LA MESURE DES CHOSES
Un film terriblement pessimiste, qui se voulait pourtant optimiste
Une forêt que des machines dévorent. Des amas de bouteilles de verre à perte de vue. Alors que l’Homme veut dominer la nature et son environnement, provoquant pauvreté et migrations, l’auteur fait un parallèle entre les mythes de Dédale et de son fils Icare, et la situation actuelle d’un monde en plein chaos, prônant un retour à la « mesure des choses »…
S’appuyant sur un monologue de Dédale, père d’Icare, prisonnier à l’intérieur de l’immense labyrinthe qu’il a lui-même imaginé, et lui créant des ailes afin qu’il s’échappe, Patric Jean ("La Raison du plus fort") construit un film voulu onirique, fait d’impressions plus que de démonstrations, à la manière de ce que peut faire l’Italien Francesco Rossi. Dédié dans son dernier plan, envolée d’Icare et donc survol d’une mer occupant tout l’écran, à « la jeunesse qui se soulève », le film se garde bien de montrer celle-ci, hormis quelques candidats à l’émigration regardant le port de Tanger comme un lieu de mépris affiché. Tissant un lien entre les peuples du pourtour méditerranéen, il se concentre sur les excès liés à l’activité humaine, consommation du sol (la ville champignon de Benidorm), agriculture déraisonnée (les serres de la province d’Almeria), fabriques à la chaîne d’où l’humain est absent (des bouteilles de verres devenant déchets…).

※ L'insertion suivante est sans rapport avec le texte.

Lemma gen_weight_gt0 i : 0 < gen_weight i.
Proof.
rewrite divr_gt0 ?ltr0n //.
by apply: lt_le_trans ltr01 _; rewrite lerDr (value_ge0 hp).
Qed.

Lemma gen_weight_ge0 i : 0 <= gen_weight i.
Proof. exact: ltW (gen_weight_gt0 i). Qed.

Lemma decomp_cost_ge0 g r : 0 <= decomp_cost g r.
Proof.
rewrite addr_ge0 ?(value_ge0 hp) // sumr_ge0 // => i _.
by rewrite mulr_ge0 ?gen_weight_ge0.
Qed.

Lemma ext_value_le_cost h r : decomposes h.2 r -> ext_value h <= decomp_cost h.1 r.
Proof.
move=> hr; apply: ge_inf; last by exists r.
by exists 0 => _ [r' _ <-]; apply: decomp_cost_ge0.
Qed.

Lemma ext_value_ge h y :
  (forall r, decomposes h.2 r -> y <= decomp_cost h.1 r) -> y <= ext_value h.
Proof.
move=> y_lb; apply: lb_le_inf => [|_ [r hr <-]]; last exact: y_lb.
case: h y_lb => g t _; have [_ [S tS]] := svalP t.
exists (decomp_cost g (sval t, undup S)), (sval t, undup S) => //.
split => [||i] /=; rewrite ?undup_uniq ?subrr ?dvdz0 //.
by move=> i; rewrite mem_undup => /tS.
Qed.

Lemma value_Mz_gen i k : (n_ i %| k)%Z -> p (i.1 *~ k) <= `|k%:~R : R| * gen_weight i.
Proof.
case/dvdzP => l ->; rewrite mulrC mulrzA.
apply: le_trans (value_Mz hp _ _) _.
rewrite intrM normrM /gen_weight /cyclic_mod /= normr_nat.
have -> : i.2.+1%:R * `|l%:~R : R| * ((p (i.1 *+ i.2.+1) + 1) / i.2.+1%:R)
          = `|l%:~R| * (p (i.1 *+ i.2.+1) + 1).
  by field; rewrite addrC natr1 pnatr_eq0.
by rewrite ler_wpM2l // lerDl.
Qed.

Lemma decomp_cost_zero g r : decomposes 0 r -> p g <= decomp_cost g r.
Proof.
case: r => k S; rewrite /decomposes /decomp_cost /= => -[_ _ dvd_k].
rewrite -{1}(subrK (\sum_(i <- S) i.1 *~ k i) g).
apply: le_trans (valueD hp _ _) _; rewrite lerD2l.
apply: le_trans (value_sum hp _ _) _; apply: ler_sum => i _.
by apply: value_Mz_gen; rewrite -[k i]subr0.
Qed.

Lemma decomp_cost_ge_weight g t r i :
  decomposes t r -> sval t i != 0 -> gen_weight i <= decomp_cost g r.
Proof.
case: r => k S; rewrite /decomposes /decomp_cost /= => -[uS kS dvd_k] ti.
have ki := cyclic_sum_coef_neq0 (dvd_k i) ti.
have iS : i \in S by apply: contraT => /kS ki0; rewrite ki0 eqxx in ki.
rewrite [X in _ + X](bigD1_seq i) //=.
have other_ge0 : 0 <= \sum_(j <- S | j != i) `|(k j)%:~R : R| * gen_weight j.
  by apply: sumr_ge0 => j _; rewrite mulr_ge0 ?gen_weight_ge0.
have ki_ge1 : gen_weight i <= `|(k i)%:~R : R| * gen_weight i.
  rewrite ler_peMl ?gen_weight_ge0 //.
  by rewrite -intr_norm ler1z -gtz0_ge1 normr_gt0.
have := value_ge0 hp (g - \sum_(j <- S) j.1 *~ k j); lra.
Qed.

Definition decompN (r : decomp) : decomp := (fun i => - r.1 i, r.2).

Definition decompD (r r' : decomp) : decomp :=
  (fun i => r.1 i + r'.1 i, undup (r.2 ++ r'.2)).

Lemma decomposesN t r : decomposes t r -> decomposes (- t) (decompN r).
Proof.
case: r => k S; rewrite /decomposes /= => -[uS kS dvd_k].
split => // [i /kS ->|i]; first by rewrite oppr0.
by rewrite dvdz_subr_mod -opprD rpredN.
Qed.

Lemma decomp_costN g r : decomp_cost (- g) (decompN r) = decomp_cost g r.
Proof.
rewrite /decomp_cost /=; congr (_ + _); last first.
  by apply: eq_bigr => i _; rewrite mulrNz normrN.
under eq_bigr do rewrite mulrNz.
by rewrite sumrN -opprD valueN.
Qed.

Lemma decomposesD t t' r r' :
  decomposes t r -> decomposes t' r' -> decomposes (t + t') (decompD r r').
Proof.
case: r r' => k S [k' S']; rewrite /decomposes /= => -[_ kS dvd_k] [_ kS' dvd_k'].
split => [|i|i]; first exact: undup_uniq.
  by rewrite mem_undup mem_cat negb_or => /andP[/kS -> /kS' ->]; rewrite addr0.
by rewrite dvdz_subr_mod opprD addrACA rpredD.
Qed.

Lemma decomp_costD g g' t t' r r' : decomposes t r -> decomposes t' r' ->
  decomp_cost (g + g') (decompD r r') <= decomp_cost g r + decomp_cost g' r'.
Proof.
case: r r' => k S [k' S']; rewrite /decomposes /decomp_cost /= => -[uS kS _] [uS' kS' _].
set U := undup (S ++ S').
have uU : uniq U := undup_uniq _.
have sub_S : {subset S <= U} by move=> i iS; rewrite mem_undup mem_cat iS.
have sub_S' : {subset S' <= U} by move=> i iS'; rewrite mem_undup mem_cat iS' orbT.
have shift_split : \sum_(i <- U) i.1 *~ (k i + k' i) =
    \sum_(i <- S) i.1 *~ k i + \sum_(i <- S') i.1 *~ k' i.
  rewrite -(big_uniq_support uS uU sub_S); last by move=> i /kS ->; rewrite mulr0z.
  rewrite -(big_uniq_support uS' uU sub_S'); last by move=> i /kS' ->; rewrite mulr0z.
  by rewrite -big_split; apply: eq_bigr => i _; rewrite mulrzDr.
have weight_split : \sum_(i <- U) `|(k i + k' i)%:~R : R| * gen_weight i <=
    \sum_(i <- S) `|(k i)%:~R : R| * gen_weight i +
    \sum_(i <- S') `|(k' i)%:~R : R| * gen_weight i.
  rewrite -(big_uniq_support uS uU sub_S); last by move=> i /kS ->; rewrite normr0 mul0r.
  rewrite -(big_uniq_support uS' uU sub_S');
    last by move=> i /kS' ->; rewrite normr0 mul0r.
  rewrite -big_split; apply: ler_sum => i _ /=.
  by rewrite -mulrDl ler_wpM2r ?gen_weight_ge0 ?intrD ?ler_normD.
rewrite shift_split opprD addrACA.
have := valueD hp (g - \sum_(i <- S) i.1 *~ k i) (g' - \sum_(i <- S') i.1 *~ k' i).
lra.
Qed.

Lemma ext_value_inl g : ext_value (inl_zmod T g) = p g.
Proof.
apply/eqP; rewrite eq_le; apply/andP; split; last first.
  by apply: ext_value_ge => r /(decomp_cost_zero g).
have r0 : decomposes (0 : T) (fun=> 0, [::]) by split => // i; rewrite subr0 dvdz0.
apply: le_trans (ext_value_le_cost (h := (g, 0)) r0) _.
by rewrite /decomp_cost /= !big_nil subr0 addr0.
Qed.
Lemma noncollinear_edge p1 p2 p3 : ~ collinear p1 p2 p3 ->
  edge_nondegenerate p1 p2 p3 /\ edge_nondegenerate p2 p1 p3.
Proof.
  unfold collinear. intros H.
  assert (H21 : vsub p2 p1 <> vzero) by (intros E; apply H; rewrite E; vec_ring).
  assert (H31 : vsub p3 p1 <> vzero) by (intros E; apply H; rewrite E; vec_ring).
  assert (H12 : vsub p1 p2 <> vzero).
  { intros E. apply H21. replace (vsub p2 p1) with (vopp (vsub p1 p2)) by vec_ring.
    rewrite E. vec_ring. }
  assert (H32 : vsub p3 p2 <> vzero).
  { intros E. apply H. replace (vsub p3 p1) with (vadd (vsub p3 p2) (vsub p2 p1)) by vec_ring.
    rewrite E. vec_ring. }
  assert (Hinv : forall p q, vsub q p <> vzero -> / norm (vsub q p) <> 0).
  { intros p q Hpq. apply Rinv_neq_0_compat. pose proof (norm_pos _ Hpq). lra. }
  assert (N1 : cross (sdir p1 p2) (sdir p1 p3) <> vzero).
  { unfold sdir. rewrite cross_scale.
    apply vscale_nonzero; [apply Rmult_integral_contrapositive; split; auto | exact H]. }
  assert (N2 : cross (sdir p2 p1) (sdir p2 p3) <> vzero).
  { unfold sdir. rewrite cross_scale.
    apply vscale_nonzero; [apply Rmult_integral_contrapositive; split; auto|].
    replace (cross (vsub p1 p2) (vsub p3 p2)) with (vopp (cross (vsub p2 p1) (vsub p3 p1)))
      by vec_ring.
    intros E. apply H. replace (cross (vsub p2 p1) (vsub p3 p1))
      with (vopp (vopp (cross (vsub p2 p1) (vsub p3 p1)))) by vec_ring.
    rewrite E. vec_ring. }
  unfold edge_nondegenerate. tauto.
Qed.
(* Let $C$ be a closed cone with nonempty interior $\operatorname{int} C$ in a real Banach space $X$, and let $f:\operatorname{int} C \to \operatorname{int} C$ be subhomogeneous and type K order-preserving. Suppose that $f$ has a fixed point in $\operatorname{int} C$ and that, for some $x \in \operatorname{int} C$, the norm closure of the orbit $\mathcal{O}(x,f) = \{f^k(x) : k \in \mathbb{N}\}$ is compact. Then the sequence $f^k(x)$ converges (in norm) to a fixed point of $f$.
   Context: A closed cone is a closed convex set $C \subset X$ with $\lambda C \subset C$ for all $\lambda \ge 0$ and $C \cap (-C) = \{0\}$. It induces the partial order $x \le y$ iff $y - x \in C$. A map $f$ on a domain $D\subseteq X$ is order-preserving if $x \le y$ implies $f(x) \le f(y)$; it is subhomogeneous if $f(tx) \le t f(x)$ for all $t \ge 1$ and $x \in D$. A map $f: D \to X$ is type K order-preserving if for any $x, y \in D$ with $x \le y$ there exists $\epsilon > 0$ such that $f(y) - f(x) \ge \epsilon (y - x)$. *)

From HB Require Import structures.
From mathcomp Require Import all_boot all_order all_algebra.
From mathcomp Require Import all_classical all_reals all_analysis.
Set Implicit Arguments. Unset Strict Implicit. Unset Printing Implicit Defensive.
Import Order.TTheory GRing.Theory Num.Theory.
Import numFieldNormedType.Exports.
Local Open Scope classical_set_scope.
Local Open Scope ring_scope.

Si le sentiment d’exclusion est souligné avec justesse face à un monde industrialisé et mécanisé, si la surexploitation des ressources est esquissée, si la pollution généralisée est évoquée, la démonstration des liens entre activités humaines et migrations forcées manque clairement de substance. L’ambition de l’Homme de tout mesurer et dominer, comme son inattention aux « alertes » sont certes plus impactants, mais les sujets se nuisent les uns aux autres, malgré le texte évocateur qui les accompagne. En démultipliant les belles images (il est aussi chef opérateur), les interventions de personnages sans substance, réduits eux-mêmes à un message, et en ajoutant des transitions opaques, sous forme de gestes de peinture (les créations du plasticien belge Didier Mahieu), Patric Jean finit par nous noyer sous les messages, que même sa conclusion vient brouiller, laissant malgré le dernier plan une sensation de profond pessimisme, alors que l’intention était contraire.